これを 「組み込み」 に変更し、Next をクリックします。
手順 5: サイト設定
「いいえ」 が選択されていることを確認し、Next をクリックします。
手順 6: Default Agent User
デフォルト・エージェント (amldapuser) のパスワードを入力し、Next をクリックします。
手順 7: Configurator Summary Details
設定される内容を確認し、「設定の作成」 をクリックします。
設定が開始されます。
しばらくすると設定が完了し、上のようなダイアログが表示されます。
動作確認
先のダイアログにある 「ログインに進む」 をクリックすると、ログイン・ページが表示されます。User Name に amadmin、Password にさきほど指定したパスワードを入力し、「ログイン」 をクリックします。
![]()
| もしログイン・ページが表示されなかったら OpenSSO の設定完了後に GlassFish を再起動し、直接 http://opensolaris.example.com:8080/opensso へアクセスしてください。 $ ~/glassfish/bin/amadmin stop-domain && ~/glassfish/bin/amadmin start-domain |
管理ユーザ amadmin によってログインすることで、管理者向けのページが表示されます。

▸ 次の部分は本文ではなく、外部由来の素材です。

Lemma symdiff_eq0 A B : (symdiff A B == set0) = (A == B).
Proof.
apply/eqP/eqP=> [AB0|->]; last by apply/setP=> x; rewrite !inE addbb.
apply/setP=> x; have /setP/(_ x) := AB0; rewrite !inE.
by case: (x \in A); case: (x \in B).
Qed.

Lemma subset_symdiff A B C : A \subset C -> B \subset C -> symdiff A B \subset C.
Proof.
move=> /subsetP AC /subsetP BC; apply/subsetP=> x; rewrite inE.
by case: (boolP (x \in A)) => [/AC | _ /BC].
Qed.

Lemma odd_card_symdiff A B : odd #|symdiff A B| = odd #|A| (+) odd #|B|.
Proof.
have AIB_sub : A :&: B \subset A :|: B := subset_trans (subsetIl A B) (subsetUl A B).
have -> : symdiff A B = (A :|: B) :\: (A :&: B).
  by apply/setP=> x; rewrite !inE; case: (x \in A); case: (x \in B).
by rewrite cardsDS // oddB ?subset_leq_card // -oddD cardsUI oddD.
Qed.

End SymDiff.

Section BranchingCycle.
Variables (T : finType) (R : rel T).
Hypotheses (symR : symmetric R) (irrR : irreflexive R).
Hypothesis branching : forall t x, R t x -> exists2 y, R t y & y != x.

Lemma branching_cycle a b :
  R a b -> exists c, [/\ uniq c, (3 <= size c)%N & cycle R c].
Proof.
move=> Rab.
pose long m := exists t p, [/\ uniq (t :: p), path R t p & size p = m].
have long1 : long 1.
  exists a, [:: b]; rewrite /= Rab inE andbT; split=> //.
  by apply: contraTneq Rab => ->; rewrite irrR.
have [_ [t [p [uniq_tp path_tp <-]]] maxm] :
    exists2 m, long m & forall m', long m' -> (m' <= m)%N.
  apply: (classic_ex_max (b := #|T|) long1) => _ [t [p [uniq_tp _ <-]]].
  by have := max_card (mem (t :: p)); rewrite (card_uniqP uniq_tp) => /ltnW.
case: p uniq_tp path_tp maxm => [|x r] uniq_tp path_tp maxm.
  by have := maxm 1 long1.
have /andP[Rtx _] := path_tp.
have [y Rty neq_yx] := branching Rtx.
have neq_yt : y != t by apply: contraTneq Rty => ->; rewrite irrR.
have [y_xr|y_notin_xr] := boolP (y \in x :: r); last first.
  have : long (size (x :: r)).+1.
    exists y, [:: t, x & r]; split=> //.
      by rewrite cons_uniq inE negb_or neq_yt y_notin_xr uniq_tp.
    by move: path_tp; rewrite /= (symR y) Rty => ->.
  by move/maxm; rewrite ltnn.
move: uniq_tp path_tp; move: y_xr; rewrite inE (negbTE neq_yx) orFb => /splitPr[r1 r2].
rewrite -cat_rcons -!cat_cons cat_uniq cat_path => /and3P[uniq_c _ _] /andP[path_c _].
exists [:: t, x & rcons r1 y]; split=> //; first by rewrite /= size_rcons.
change (path R t (rcons (x :: rcons r1 y) t)).
by rewrite rcons_path path_c /= last_rcons (symR y) Rty.
Qed.

End BranchingCycle.

Section EdgeSets.
Variable n : nat.
Local Notation edge := ('I_n * 'I_n)%type.
Implicit Types (X Y F : {set edge}) (C D : {set 'I_n}) (H S : rel 'I_n) (t w : 'I_n).

Definition edge_set H : {set edge} := [set e : edge | (e.1 < e.2)%N && H e.1 e.2].

Definition incident w : {set edge} := [set e : edge | (e.1 == w) || (e.2 == w)].
Definition deg X w := #|X :&: incident w|.
Definition odd_vertices X := [set w | odd (deg X w)].
Definition eulerian X := odd_vertices X == set0.

Lemma eulerianP X : reflect (forall w, ~~ odd (deg X w)) (eulerian X).
Proof.
apply: (iffP eqP) => [oddX0 w | evenX]; last first.
  by apply/setP=> w; rewrite !inE (negbTE (evenX w)).
by apply/negP=> odd_w; have := in_set0 w; rewrite -oddX0 inE odd_w.
Qed.

Lemma odd_vertices_symdiff X Y :
  odd_vertices (symdiff X Y) = symdiff (odd_vertices X) (odd_vertices Y).
Proof.
apply/setP=> w; rewrite !inE /deg -odd_card_symdiff; congr (odd _).
by apply: eq_card => e; rewrite !inE; case: (e \in X); case: (e \in Y); case: (_ || _).
Qed.

Lemma eulerian_symdiff X Y :
  eulerian (symdiff X Y) = (odd_vertices X == odd_vertices Y).
Proof. by rewrite /eulerian odd_vertices_symdiff symdiff_eq0. Qed.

右上の 「ログアウト」 ボタンをクリックし、ログアウトします。
再度ログイン・ページへアクセスし、今度は User Name に demo、Password に changeit と入力し、「ログイン」 をクリックします。
エンド・ユーザ向けのページが表示されます。
以上で動作確認は完了です。
サービスの停止
asadmin stop-domain を実行し、GlassFish を停止します。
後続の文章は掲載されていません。